# DIY Mill Advice Sought



## Manfred (Oct 26, 2022)

As some of you may know, I'm (trying) to build my own lathe. Size is approximately  the same as the LMS 6500 or the M1111 (roughly an SX2.7)

I have the motors and most of the electronics as well as the LMS column and the M1111 table. will send photos and specs as a follow-up.

What I am struggling with is how (and where) to but the base together. Initially I thought I'd use the LMS base but decided against that because I would like some extra travel for the table that is a little larger than the LMS one. The thought now is to use a 10" x 22" steel plate about 1/2 to 1" thick and have that sandblasted or similar. Weld or bolt two 10mm x 1" x 20" steel bars onto that and have those precision machined to accommodate the linear rails that I plan on using. Attached is a working wooden model of the concept.

I'll send more pictures once I figure out how to reduce the size.

Any suggestions and or warnings on this approach welcome.

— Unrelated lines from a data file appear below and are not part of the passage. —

Lemma Zset_lin_ideal_block (n m : nat) (S : 'rV[K]_(n + m) -> Prop)
    (A : 'M[K]_n) (B : 'M[K]_m) x :
  (forall v, S v <-> (lsubmx v <= A)%MS /\ (rsubmx v <= B)%MS) ->
  Zset (lin_ideal S) x <->
  x != 0 /\ (A <= kermx (lsubmx x)^T)%MS /\ (B <= kermx (rsubmx x)^T)%MS.
Proof.
move=> SAB; rewrite Zset_lin_ideal; split=> -[nz Zx]; split=> //.
  apply/andP; rewrite -block_diag_sub_kermx; apply/sub_kermx_rowsP => v.
  by rewrite submx_block_diag => /andP/SAB; exact: Zx.
have /sub_kermx_rowsP blockx : (block_mx A 0 0 B <= kermx x^T)%MS.
  by rewrite block_diag_sub_kermx; exact/andP.
by move=> v /SAB/andP; rewrite -submx_block_diag; exact: blockx.
Qed.

Lemma plinear_block (n m : nat) (A : 'M[K]_n) (B : 'M[K]_m) x :
  plinear (block_mx A 0 0 B) x <->
  x != 0 /\ (A <= kermx (lsubmx x)^T)%MS /\ (B <= kermx (rsubmx x)^T)%MS.
Proof. by apply: Zset_lin_ideal_block => v; rewrite submx_block_diag; split => /andP. Qed.

Lemma Zset_ideal_add (N : nat) (I J : {mpoly K[N]} -> Prop) x :
  I 0 -> J 0 -> Zset (ideal_add I J) x <-> Zset I x /\ Zset J x.
Proof.
move=> I0 J0; split=> [[nz Zx] | [[nz ZIx] [_ ZJx]]].
  by split; split=> // p ?; apply: Zx; [exists p, 0 | exists 0, p]; rewrite ?addr0 ?add0r.
by split=> // _ [a [b [Ia [Jb ->]]]]; rewrite mevalD ZIx // ZJx // addr0.
Qed.

Lemma sub_pspan (N : nat) (S : 'rV[K]_N -> Prop) x : S x -> pspan S x.
Proof. by move=> Sx W; apply. Qed.

End ZeroSets.

Section LinearlyJoinedExtension.
Variables (K : fieldType) (n m l : nat) (Q : 'I_l -> 'M[K]_n) (F : 'I_l -> 'M[K]_m).
Hypothesis F_direct : mxdirect (\sum_i F i).
Hypothesis F_full : (1%:M <= \sum_i F i)%MS.

Definition Fcompl i := (\sum_(j | j != i) F j)%MS.

Definition Qtilde i (v : 'rV[K]_(n + m)) :=
  (lsubmx v <= Q i)%MS /\ (rsubmx v <= Fcompl i)%MS.

Definition Ltilde i := Zset (lin_ideal (Qtilde i)).

Definition Lext i := Zset (ideal_add
  (lin_ideal (fun v : 'rV[K]_(n + m) => (lsubmx v <= Q i)%MS /\ rsubmx v = 0))
  (lin_ideal (fun v : 'rV[K]_(n + m) => lsubmx v = 0))).

Lemma F_sub_Fcompl i j : i != j -> (F i <= Fcompl j)%MS.
Proof. by move=> ij; apply: (sumsmx_sup i). Qed.

Lemma Fcompl_ann_eq0 i (z : 'rV[K]_m) :
  (Fcompl i <= kermx z^T)%MS -> (F i <= kermx z^T)%MS -> z = 0.
Proof.
move=> Gz Fz; apply/eqP; rewrite -trmx_eq0 -sub1_kermx (submx_trans F_full) //.
apply/sumsmx_subP => j _; have [-> // | ji] := eqVneq j i.
exact: submx_trans (F_sub_Fcompl ji) Gz.
Qed.

Lemma Ltilde_kermx i x : Ltilde i x <->
  x != 0 /\ (Q i <= kermx (lsubmx x)^T)%MS /\ (Fcompl i <= kermx (rsubmx x)^T)%MS.
Proof. exact: Zset_lin_ideal_block. Qed.

Lemma Lext_Ltilde i x : Lext i x <-> Ltilde i x /\ rsubmx x = 0.
Proof.
rewrite /Lext Zset_ideal_add; try exact: ideal_gen0.
rewrite (@Zset_lin_ideal_block _ _ _ _ (Q i) 0); last first.
  by move=> v; rewrite submx0; split=> -[? /eqP].
rewrite (@Zset_lin_ideal_block _ _ _ _ 0 1%:M); last first.
  by move=> v; rewrite submx0 submx1; split=> [-> | [/eqP]].
rewrite Ltilde_kermx !sub0mx sub1_kermx trmx_eq0.
split=> [[[nz [Qx _]] [_ [_ /eqP z0]]] | [[nz [Qx _]] z0]].
  by rewrite z0 trmx0 kermx0 submx1.
by rewrite z0 eqxx.
Qed.

Lemma Ltilde_prev_meet i x :
  (Ltilde i x /\ prev_union Ltilde i x) <-> (Lext i x /\ prev_union Lext i x).
Proof.
split=> [[Lix [j [ji Ljx]]] | [/Lext_Ltilde[Lix _] [j [ji /Lext_Ltilde[Ljx _]]]]].
  have [_ [_ Gi]] := (Ltilde_kermx i x).1 Lix; have [_ [_ Gj]] := (Ltilde_kermx j x).1 Ljx.
  have ij : i != j by rewrite neq_ltn ji orbT.
  have z0 : rsubmx x = 0 := Fcompl_ann_eq0 Gi (submx_trans (F_sub_Fcompl ij) Gj).
  by split; [apply/Lext_Ltilde | exists j; split=> //; apply/Lext_Ltilde].
by split=> //; exists j.
Qed.

Lemma pspan_prev_Ltilde_ann i x :
  pspan (prev_union Ltilde i) x -> (F i <= kermx (rsubmx x)^T)%MS.
Proof.
move=> span_x; suff /plinear_block[_ [_ //]] : plinear (block_mx 0 0 0 (F i)) x.
apply: span_x => y [j [ji /Ltilde_kermx[nz [_ Gy]]]]; apply/plinear_block.
have ij : i != j by rewrite neq_ltn ji orbT.
by rewrite sub0mx (submx_trans (F_sub_Fcompl ij) Gy).
Qed.

Lemma pspan_prev_Ltilde_lsub i x : lsubmx x != 0 ->
  pspan (prev_union Ltilde i) x -> pspan (prev_union (fun j => plinear (Q j)) i) (lsubmx x).
Proof.
move=> nz span_x W spanW; apply/plinear_kermx; split=> //.
suff /plinear_block[_ [+ _]] : plinear (block_mx W 0 0 0) x by [].
apply: span_x => y [j [ji /Ltilde_kermx[nzy [Qy _]]]]; apply/plinear_block.
rewrite sub0mx; split=> //; split=> //.
have [-> | nzly] := eqVneq (lsubmx y) 0; first by rewrite trmx0 kermx0 submx1.
have Ljy : plinear (Q j) (lsubmx y) by apply/plinear_kermx.
by have /plinear_kermx[] := spanW _ (ex_intro _ j (conj ji Ljy)).
Qed.

Lemma Ltilde_linearly_joined :
  linearly_joined (fun i => plinear (Q i)) -> linearly_joined Ltilde.
Proof.
move=> LJ i i_gt0 x; split=> [[Lix [j [ji Ljx]]] | [Lix span_x]].
  by split=> //; apply: sub_pspan; exists j.
split=> //; have [nz [Qx Gx]] := (Ltilde_kermx i x).1 Lix.
have z0 : rsubmx x = 0 := Fcompl_ann_eq0 Gx (pspan_prev_Ltilde_ann span_x).
have nzy : lsubmx x != 0.
  by apply: contraNneq nz => y0; rewrite -(hsubmxK x) y0 z0 row_mx0.
have Lix' : plinear (Q i) (lsubmx x) by apply/plinear_kermx.
have [_ [j [ji /plinear_kermx[_ Qjx]]]] :=
  (LJ i i_gt0 (lsubmx x)).2 (conj Lix' (pspan_prev_Ltilde_lsub nzy span_x)).
by exists j; split=> //; apply/Ltilde_kermx; rewrite z0 trmx0 kermx0 submx1.
Qed.

Definition proj i := proj_mx (F i) (Fcompl i).

Lemma F_cap_Fcompl i : (F i :&: Fcompl i = 0)%MS.
Proof. by move/mxdirect_sumsP: F_direct; apply. Qed.

Lemma proj_id i (g : 'rV[K]_m) : (g <= F i)%MS -> g *m proj i = g.
Proof. exact/proj_mx_id/F_cap_Fcompl. Qed.

Lemma proj_Fcompl i (g : 'rV[K]_m) : (g <= Fcompl i)%MS -> g *m proj i = 0.
Proof. exact/proj_mx_0/F_cap_Fcompl. Qed.

Lemma sum_proj (g : 'rV[K]_m) : \sum_i g *m proj i = g.
Proof.
have /sub_sumsmxP[u gE] : (g <= \sum_i F i)%MS by exact: submx_trans (submx1 g) F_full.
rewrite [in LHS]gE; under eq_bigr => i _ do rewrite mulmx_suml.
rewrite exchange_big [in RHS]gE; apply: eq_bigr => j _ /=.
rewrite (bigD1 j) //= proj_id ?submxMl // big1 ?addr0 // => i ij.
by apply/proj_Fcompl/(submx_trans (submxMl _ _))/F_sub_Fcompl; rewrite eq_sym.
Qed.

Definition restrV : {mpoly K[n + m]} -> {mpoly K[n]} :=
  lsubst (col_mx 1%:M 0 : 'M[K]_(n + m, n)).

Definition dropF : {mpoly K[n + m]} -> {mpoly K[n + m]} := embl m \o restrV.

HB.instance Definition _ := GRing.LRMorphism.copy dropF (embl m \o restrV).

Section Projection.
Variable k : 'I_l.

Definition projF : {mpoly K[n + m]} -> {mpoly K[n + m]} :=
  lsubst (block_mx 1%:M 0 0 (proj k) : 'M[K]_(n + m)).

HB.instance Definition _ := GRing.LRMorphism.on projF.

End Projection.

Lemma restrV_linform v : restrV (linform v) = linform (lsubmx v).
Proof. by rewrite /restrV lsubst_linform -{1}(hsubmxK v) mul_row_col mulmx1 mulmx0 addr0. Qed.

Lemma dropF_linform v : dropF (linform v) = linform (row_mx (lsubmx v) 0).
Proof. by rewrite /dropF /= restrV_linform embl_linform. Qed.

Lemma projF_linform k v :
  projF k (linform v) = linform (row_mx (lsubmx v) (rsubmx v *m proj k)).
Proof.
by rewrite /projF lsubst_linform -{1}(hsubmxK v) mul_row_block !mulmx0 mulmx1 addr0 add0r.
Qed.

Lemma projF_sub_dropF_linform k v :
  projF k (linform v) - dropF (linform v) = linform (row_mx 0 (rsubmx v *m proj k)).
Proof.
by rewrite projF_linform dropF_linform -raddfB opp_row_mx add_row_mx subrr oppr0 addr0.
Qed.

Definition Fideal k :=
  lin_ideal (fun v : 'rV[K]_(n + m) => lsubmx v = 0 /\ (rsubmx v <= F k)%MS).

Definition QF_gens k (q : {mpoly K[n + m]}) := exists f g,
  Qtilde k f /\ (g <= F k)%MS /\ q = linform f * linform (row_mx 0 g).

Definition QFsum : {mpoly K[n + m]} -> Prop := ideal_bigsum (fun k => ideal_gen (QF_gens k)).

Lemma projF_sub_dropF_Fideal k p : Fideal k (projF k p - dropF p).
Proof.
apply: lrmorph_sub_ideal_gen => i; rewrite -linform_delta projF_sub_dropF_linform.
apply: ideal_gen_mem; eexists; split; last reflexivity.
by rewrite row_mxKl row_mxKr proj_mx_sub.
Qed.

Lemma projF_sub_dropF_QF k p :
  lin_ideal (Qtilde k) p -> ideal_gen (QF_gens k) (projF k p - dropF p).
Proof.
move=> [s [Qs ->]]; rewrite !rmorph_sum -sumrB big_seq; apply: ideal_gen_sum => x xs.
have [v [[Qv Gv] ->]] := Qs x xs.
rewrite !rmorphM /= projF_linform dropF_linform (proj_Fcompl Gv) -mulrBl.
set w := row_mx (lsubmx v) 0.
apply: (ideal_gen_mul (P' := eq (linform w))) (projF_sub_dropF_Fideal k x.1) _; last first.
  exact: ideal_gen_mem.
move=> _ _ [u [[u_l u_r] ->]] <-; apply: ideal_gen_mem.
exists w, (rsubmx u); split; first by rewrite /Qtilde row_mxKl row_mxKr sub0mx.
by split=> //; rewrite mulrC -{1}(hsubmxK u) u_l.
Qed.

Lemma Fideal_mul_QFsum j k a b : j != k -> Fideal j a -> Fideal k b -> QFsum (a * b).
Proof.
move=> jk Fa Fb; apply: ideal_gen_mem; exists k; move: Fa Fb; apply: ideal_gen_mul.
move=> _ _ [u [[u_l u_r] ->]] [w [[w_l w_r] ->]]; apply: ideal_gen_mem.
exists u, (rsubmx w); split.
  by rewrite /Qtilde u_l sub0mx (submx_trans u_r (F_sub_Fcompl jk)).
by split=> //; rewrite -{1}(hsubmxK w) w_l.
Qed.

Definition diagF (p : {mpoly K[n + m]}) := dropF p + \sum_k (projF k p - dropF p).

Lemma diagFD a b : diagF (a + b) = diagF a + diagF b.
Proof.
rewrite /diagF [dropF _]rmorphD addrACA -big_split /=; congr (_ + _).
by apply: eq_bigr => k _; rewrite [projF k _]rmorphD opprD addrACA.
Qed.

Would also appreciate suggestions as to which machine shop in the Peel, Halton or Hamilton area would be a potential manufacturer as I don't have a mill or a welder.


----------



## Manfred (Oct 26, 2022)

Sorry, that should have been "mill" instead of "lathe". I have a functional EMCO Compact 5.


----------



## Degen (Oct 26, 2022)

Drop me a PM.


----------



## Darren (Oct 26, 2022)

I started out building a small mill based on an Emco Maximat Compact (MQ3100) mill head and column.  I haven't quite finished it yet, due to stuff being stuck at the border. I bought a nice BP clone shortly after I started.

I could have bought 2 BP style mills for what I spent on parts and pieces. I now have more projects because of it. I will be posting some pics in a week or two when I finally assemble it.

I bought a RF40 mill missing the head, but there isn't a clean way of mounting the Emco column to the RF40 base. I'll probably find a head to put on it and sell it eventually. I also bought a CNC X-Y table with linear rails and ballscrews that I won't be using.  Its been an adventure..


----------